At work, we have a set of applications and services that have grown to the point where they are unwieldy and don’t support our future business plans. We’re in the process of rebuilding them with our evolving business in mind. This is a fairly hard process. We know (or at least suspect) that the final systems that fully replace what we’re using now will be quite complex. The challenge is to grow a complex system simply while delivering incrementally useful services.
Posted in Programming | Tags complexity, scrum, simplicity, XP | no comments
Posted by Doug
Wed, 19 Apr 2006 12:12:49 GMT
Productize seems like such a good idea. Even David seems to give it praise. It seems though this good idea had a short life-span.
For those who don’t know, Productize is a method of making a Rails app a “parent” and then having multiple instances of that app that all shares the same code base allowing for individual tweaks. For myself, I was wanting to productize typo so that I could easily host many typo blogs. At work we use productize on our website to provide our primary US site and also a customized UK website.
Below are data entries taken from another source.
(* Let $k$ be a positive integer and $i$ an integer with $1\le i<\left\lfloor\frac{k+1}2\right\rfloor$. Then $\beta=\frac1{i^2}$ is a zero of the polynomial $P_k(1,\beta,0)$ of multiplicity at least $\left\lfloor\frac{k+1}2\right\rfloor-i$.
   Context: Define $\widetilde c_n\in\mathbb Q[\beta]$ by $\widetilde c_0=2$, $\widetilde c_1=1$, $(n+1)\widetilde c_{n+1}=\widetilde c_n+\frac\beta4(n-1)\widetilde c_{n-1}$ for $n\ge1$, and $\widetilde c_n=0$ for $n<0$. $P_k(1,\beta,0)$ is the $k\times k$ determinant with $(j,l)$ entry $\widetilde c_{k-2(j-1)+(l-1)}$, $1\le j,l\le k$. *)

(* Polynomials in beta over Q: {poly rat}, beta = 'X. *)
From HB Require Import structures.
From mathcomp Require Import all_boot all_order all_algebra.
Set Implicit Arguments. Unset Strict Implicit. Unset Printing Implicit Defensive.
Import Order.TTheory GRing.Theory Num.Theory.
Local Open Scope ring_scope.

(* ctpair n = (c~_n, c~_{n+1}).
   c~_0 = 2, c~_1 = 1,
   (m+1) c~_{m+1} = c~_m + (beta/4) (m-1) c~_{m-1}  for m >= 1;
   with m = n+1:  c~_{n+2} = (n+2)^-1 (c~_{n+1} + (n/4) beta c~_n). *)
Fixpoint ctpair (n : nat) : {poly rat} * {poly rat} :=
  match n with
  | 0%N => (2%:P, 1%:P)
  | n'.+1 =>
      let: (a, b) := ctpair n' in
      (b, ((n'.+2)%:R)^-1 *: (b + ((n'%:R) / 4) *: ('X * a)))
  end.

Definition ctn (n : nat) : {poly rat} := (ctpair n).1.

Definition ct (n : int) : {poly rat} :=
  match n with
  | Posz m => ctn m
  | Negz _ => 0
  end.

(* P_k(1,beta,0): k x k determinant with (j,l) entry c~_{k-2(j-1)+(l-1)},
   1 <= j,l <= k; here with 0-based indices j,l < k. *)
Definition Pk (k : nat) : {poly rat} :=
  \det (\matrix_(j < k, l < k) ct (k%:Z - 2 * (j : nat)%:Z + (l : nat)%:Z)).

(* At beta = 1/i^2 the values d_n = c~_n(beta), with d_0 := 1, satisfy
   (2i)^2 (n+1) d_(n+1) = (2i)^2 d_n + (n-1) d_(n-1).  Applying [b - T], with T the
   shift f_n |-> f_(n-1), turns a solution of
   b^2 (n+1) f_(n+1) = (b^2 - b p) f_n + (n-p-1) f_(n-1)  into one with p+1, and for
   b = 2p such a solution vanishes beyond p.  Hence (2i - T)^i d is finitely supported,
   so every window (d_n, ..., d_(n+k-1)) with n >= 1 lies in the span of the first i
   windows.  The first floor((k+1)/2) rows of the matrix evaluated at 1/i^2 are such
   windows, which bounds its rank by i + k - floor((k+1)/2); a rank defect r at x forces
   ('X - x)^r to divide the determinant. *)

From HB Require Import structures.
From mathcomp Require Import all_boot all_order all_algebra.
From mathcomp Require Import ring zify.
Set Implicit Arguments. Unset Strict Implicit. Unset Printing Implicit Defensive.
Import Order.TTheory GRing.Theory Num.Theory.
Local Open Scope ring_scope.

Definition delay (R : zmodType) (f : nat -> R) (n : nat) : R :=
  if n is n'.+1 then f n' else 0.

Definition sub_delay (R : pzRingType) (b : R) (f : nat -> R) (n : nat) : R :=
  b * f n - delay f n.

Section ThreeTermRecurrence.
Variable F : numFieldType.

Definition rec_defect (b : F) (p : nat) (f : nat -> F) (n : nat) : F :=
  b ^+ 2 * n.+1%:R * f n.+1 - (b ^+ 2 - b * p%:R) * f n - (n%:R - p.+1%:R) * delay f n.

Lemma rec_defect_sub_delay b p f n :
  rec_defect b p.+1 (sub_delay b f) n = sub_delay b (rec_defect b p f) n.
Proof. by case: n => [|n]; rewrite /rec_defect /sub_delay /=; ring. Qed.

Lemma rec_defect_iter b p f : (forall n, rec_defect b 0 f n = 0) ->
  forall n, rec_defect b p (iter p (sub_delay b) f) n = 0.
Proof.
move=> f_rec; elim: p => [|p IH] n //=.
by rewrite rec_defect_sub_delay /sub_delay IH; case: n => [|n] /=; rewrite ?IH mulr0 subr0.
Qed.

Lemma rec_defect_vanish p g : (0 < p)%N -> (forall n, rec_defect (2 * p%:R) p g n = 0) ->
  forall n, (p < n)%N -> g n = 0.
Proof.
move=> p_gt0 g_rec; set b : F := 2 * p%:R.
have b_neq0 : b != 0 by rewrite mulf_neq0 ?pnatr_eq0 -?lt0n.
(* [b = 2p] is exactly what makes [b h - delay h] the defect of [g]. *)
pose h n := b * n.+1%:R * g n.+1 + (n%:R - p%:R) * g n.
have h_rec n : sub_delay b h n = rec_defect b p g n.
  by case: n => [|n]; rewrite /sub_delay /rec_defect /h /b /=; ring.
have h0 n : h n = 0.
  elim: n => [|n IH]; [have := h_rec 0%N | have := h_rec n.+1];
    by rewrite g_rec /sub_delay /= ?IH subr0 => /eqP; rewrite mulf_eq0 (negPf b_neq0) => /eqP.
have gS n : (n%:R - p%:R) * g n = 0 -> g n.+1 = 0.
  move=> gn; have := h0 n; rewrite /h gn addr0 => /eqP.
  by rewrite mulf_eq0 mulf_eq0 (negPf b_neq0) pnatr_eq0 /= => /eqP.
case=> // n; rewrite ltnS; elim: n => [|n IH]; first by rewrite leqNgt p_gt0.
rewrite leq_eqVlt => /orP[/eqP <-|/IH gn]; apply: gS; first by rewrite subrr mul0r.
by rewrite gn mulr0.
Qed.

End ThreeTermRecurrence.

Section Windows.
Variables (F : fieldType) (k : nat).

Definition window (s : nat -> F) (n : nat) : 'rV[F]_k := \row_(l < k) s (n + l)%N.

Definition windows (s : nat -> F) (m p : nat) : 'M[F]_(p, k) :=
  \matrix_(a < p) window s (m + a).

Lemma windows_shift s m p : (windows s m.+1 p <= windows s m p.+1)%MS.
Proof.
apply/row_subP => a; rewrite rowK.
have -> : window s (m.+1 + a) = row (lift ord0 a) (windows s m p.+1).
  by rewrite rowK /= /bump /= add1n addnS.
exact: row_sub.
Qed.

Lemma windowsS s m p : (windows s m p <= windows s m p.+1)%MS.
Proof.
apply/row_subP => a; rewrite rowK.
have -> : window s (m + a) = row (widen_ord (leqnSn p) a) (windows s m p.+1).
  by rewrite rowK.
exact: row_sub.
Qed.

Lemma window_windows s m p : (window s (m + p) <= windows s m p.+1)%MS.
Proof.
have -> : window s (m + p) = row ord_max (windows s m p.+1) by rewrite rowK.
exact: row_sub.
Qed.

Lemma window_iter_sub_delay b s p m :
  (window (iter p (sub_delay b) s) (m + p) - b ^+ p *: window s (m + p)
     <= windows s m p)%MS.
Proof.
elim: p m => [|p IH] m; first by rewrite expr0 scale1r subrr sub0mx.
set t := iter p (sub_delay b) s.
have -> : window (iter p.+1 (sub_delay b) s) (m + p.+1) - b ^+ p.+1 *: window s (m + p.+1) =
    b *: (window t (m.+1 + p) - b ^+ p *: window s (m.+1 + p))
    - (window t (m + p) - b ^+ p *: window s (m + p)) - b ^+ p *: window s (m + p).
  by apply/rowP => l; rewrite !mxE !addnS !addSn iterS -/t /sub_delay /= exprS; ring.
apply: addmx_sub; first apply: addmx_sub.
- by apply: scalemx_sub; apply: submx_trans (IH m.+1) (windows_shift _ _ _).
- by rewrite eqmx_opp; apply: submx_trans (IH m) (windowsS _ _ _).
- by rewrite eqmx_opp; apply: scalemx_sub; apply: window_windows.
Qed.

Lemma window_sub_windows (b : F) s p : b != 0 ->
    (forall n, (p < n)%N -> iter p (sub_delay b) s n = 0) ->
  forall n, (0 < n)%N -> (window s n <= windows s 1 p)%MS.
Proof.
move=> b_neq0 s_vanish; elim/ltn_ind => n IH n_gt0.
have [le_np | lt_pn] := leqP n p.
  have lt_n1p : (n.-1 < p)%N by rewrite prednK.
  have -> : window s n = row (Ordinal lt_n1p) (windows s 1 p).
    by rewrite rowK /= add1n prednK.
  exact: row_sub.
have := window_iter_sub_delay b s p (n - p); rewrite subnK; last exact: ltnW.
have -> : window (iter p (sub_delay b) s) n = 0.
  by apply/rowP => l; rewrite !mxE s_vanish // (leq_trans lt_pn) ?leq_addr.
rewrite sub0r eqmx_opp => /(scalemx_sub (b ^+ p)^-1).
rewrite scalerA mulVf ?expf_neq0 // scale1r => /submx_trans; apply.
by apply/row_subP => a; rewrite rowK; apply: IH; have := ltn_ord a; lia.
Qed.

End Windows.

Lemma mxrank_rows_sub (F : fieldType) m n h p (A : 'M[F]_(m, n)) (S : 'M[F]_(p, n)) :
  (forall j : 'I_m, (j < h)%N -> (row j A <= S)%MS) -> (\rank A <= \rank S + (m - h))%N.
Proof.
move=> A_top.
have low_lt (j : 'I_(m - h)) : (h + j < m)%N by rewrite -ltn_subRL.
pose B : 'M[F]_(m - h, n) := \matrix_j row (Ordinal (low_lt j)) A.
have sub_AB : (A <= S + B)%MS.
  apply/row_subP => j; have [lt_jh | le_hj] := ltnP j h.
    exact: submx_trans (A_top j lt_jh) (addsmxSl _ _).
  have lt_jh : (j - h < m - h)%N by have := ltn_ord j; lia.
  have -> : row j A = row (Ordinal lt_jh) B.
    by rewrite rowK; congr row; apply: val_inj; rewrite /= subnKC.
  exact: submx_trans (row_sub _ _) (addsmxSr _ _).
have [rank_adds _] := mxrank_adds_leqif S B.
by rewrite (leq_trans (mxrankS sub_AB)) // (leq_trans rank_adds) // leq_add2l rank_leq_row.
Qed.

Lemma prodr_ord_if_leq (R : pzSemiRingType) (c : R) r n :
  \prod_(j < n) (if (r <= j)%N then c else 1) = c ^+ (n - r).
Proof.
elim: n => [|n IH]; first by rewrite big_ord0 sub0n expr0.
rewrite big_ord_recr IH /= -[RHS]mulr1; have [le_rn | lt_nr] := leqP r n.
  by rewrite subSn // exprSr mulr1.
have /eqP -> : (n.+1 - r == 0)%N by rewrite subn_eq0.
by have /eqP -> : (n - r == 0)%N by rewrite subn_eq0 ltnW.
Qed.

Lemma dvdp_det_rows (F : fieldType) n r (A : 'M[{poly F}]_n) (x : F) :
  (forall j l : 'I_n, (r <= j)%N -> root (A j l) x) -> ('X - x%:P) ^+ (n - r) %| \det A.
Proof.
move=> A_root.
pose d : 'rV[{poly F}]_n := \row_j (if (r <= j)%N then 'X - x%:P else 1).
pose Q : 'M[{poly F}]_n :=
  \matrix_(j, l) (if (r <= j)%N then A j l %/ ('X - x%:P) else A j l).
have -> : A = diag_mx d *m Q.
  apply/matrixP => j l; rewrite mul_diag_mx !mxE.
  case: ifP => le_rj; last by rewrite mul1r.
  by rewrite mulrC divpK // dvdp_XsubCl A_root.
rewrite det_mulmx det_diag; apply: dvdp_mulr.
by under eq_bigr do rewrite mxE; rewrite prodr_ord_if_leq.
Qed.

Lemma dvdp_det_rank (F : fieldType) n r (A : 'M[{poly F}]_n) (x : F) :
  (\rank (map_mx (horner_eval x) A) + r <= n)%N -> ('X - x%:P) ^+ r %| \det A.
Proof.
set Ax := map_mx _ A => rank_r.
pose P := invmx (col_ebase Ax).
have P_unit : P \in unitmx by rewrite unitmx_inv col_ebase_unit.
have PAx : P *m Ax = pid_mx (\rank Ax) *m row_ebase Ax.
  by rewrite -{1}(mulmx_ebase Ax) -!mulmxA mulKmx ?col_ebase_unit.
pose PA := map_mx polyC P *m A.
have eval_PA : map_mx (horner_eval x) PA = P *m Ax.
  by rewrite map_mxM; congr (_ *m _); apply/matrixP => a b; rewrite !mxE; exact: hornerC.
have PA_root (j l : 'I_n) : (\rank Ax <= j)%N -> root (PA j l) x.
  move=> le_rj; apply/eqP; move: eval_PA; rewrite PAx => /matrixP/(_ j l).
  rewrite [in X in X = _]mxE horner_evalE => ->; rewrite mxE big1 // => t _.
  by rewrite mxE ltnNge le_rj andbF mul0r.
have detP_neq0 : \det P != 0 by rewrite -unitfE -unitmxE.
have := dvdp_det_rows PA_root.
rewrite det_mulmx (det_map_mx polyC) mul_polyC dvdpZr // => /(dvdp_trans _); apply.
by rewrite dvdp_exp2l //; lia.
Qed.

(* [c~_0 = 2] is replaced by [1] so that the recurrence also holds at [n = 0];
   only the values at [n >= 1] enter the determinant. *)
Definition ctval (x : rat) (n : nat) : rat := if n is 0 then 1 else (ctn n).[x].

Lemma ctnSS n : ctn n.+2 = n.+2%:R^-1 *: (ctn n.+1 + (n%:R / 4) *: ('X * ctn n)).
Proof. by rewrite /ctn /=; case: (ctpair n). Qed.

Lemma ctval_rec_defect i : (0 < i)%N ->
  forall n, rec_defect (2 * i%:R) 0 (ctval (i ^ 2)%:R^-1) n = 0.
Proof.
move=> i_gt0; have i_neq0 : (i%:R : rat) != 0 by rewrite pnatr_eq0 -lt0n.
case=> [|n]; first by rewrite /rec_defect /ctval /ctn /= hornerC; ring.
rewrite /rec_defect /ctval ctnSS hornerZ hornerD hornerZ (mulrC 'X) hornerMX natrX /=.
by case: n => [|n]; field; rewrite i_neq0 // -(natrD _ 3 n) pnatr_eq0.
Qed.

Definition Pk_mx (k : nat) : 'M[{poly rat}]_k :=
  \matrix_(j < k, l < k) ct (k%:Z - 2 * (j : nat)%:Z + (l : nat)%:Z).

Lemma row_Pk_mx_eval k x (j : 'I_k) : (2 * j < k)%N ->
  row j (map_mx (horner_eval x) (Pk_mx k)) = window k (ctval x) (k - 2 * j).
Proof.
move=> lt_2j_k; apply/rowP => l; rewrite !mxE horner_evalE.
have -> : k%:Z - 2 * (j : nat)%:Z + (l : nat)%:Z = Posz (k - 2 * j + l) by lia.
have : (0 < k - 2 * j + l)%N by lia.
by case: (k - 2 * j + l)%N.
Qed.

Theorem lemma4p8 (k i : nat) :
  (0 < k)%N -> (1 <= i)%N -> (i < (k.+1)./2)%N ->
  (('X - ((i ^ 2)%:R : rat)^-1%:P) ^+ ((k.+1)./2 - i) %| Pk k)%R.
Proof.
move=> k_gt0 i_gt0 lt_ih; set x : rat := (i ^ 2)%:R^-1.
have b_neq0 : (2 * i%:R : rat) != 0 by rewrite mulf_neq0 ?pnatr_eq0 -?lt0n.
have ctval_vanish := rec_defect_vanish i_gt0 (rec_defect_iter i (ctval_rec_defect i_gt0)).
have top_rows (j : 'I_k) : (j < (k.+1)./2)%N ->
    (row j (map_mx (horner_eval x) (Pk_mx k)) <= windows k (ctval x) 1 i)%MS.
  move=> lt_jh; rewrite row_Pk_mx_eval; last by lia.
  by apply: window_sub_windows b_neq0 ctval_vanish _ _; lia.
have -> : Pk k = \det (Pk_mx k) by [].
apply: dvdp_det_rank; apply: leq_trans (leq_add (mxrank_rows_sub top_rows) (leqnn _)) _.
have := rank_leq_row (windows k (ctval x) 1 i); lia.
Qed.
Productize was originally released pre Rails 1.0. With The Big Milestone, there was some scrambling to get productize to work. The problem is that productize pokes fairly deep in the internals of Rails class loading. That code seems to be not yet as stable as it should be. Each release of Rails seems to break productize.
To make matters worse, it doesn’t seem like Duane Johnson is still using or working on productze. With the 1.0 release, the patches and work arounds for productize came from the community. I never did see anything directly from Duane.
Now that Rails 1.1 and 1.1.2 are out, productize is broken again. For such a good idea of minimizing duplication, it doesn’t look good for productize. Members of the core team have said there’s no interest in making it part of Rails core and no desire to “support” it and the internal hooks it needs. In my mind, this moves productize into the “high risk” category.
I never did get typo to the point where it would work nicely with productize. Right now we depend heavily on it at work, but that’s changing. We’ve decided to take the core pieces of our app and make them into and engine/plugin and then split the US and UK sites into separate apps. When we first introduces the UK site, productize’s primary assumption held true: everything is the same unless it’s different. Now that our UK site is fairly mature, the department heads of the respective sites are pretty much assuming everything is different unless it’s the same.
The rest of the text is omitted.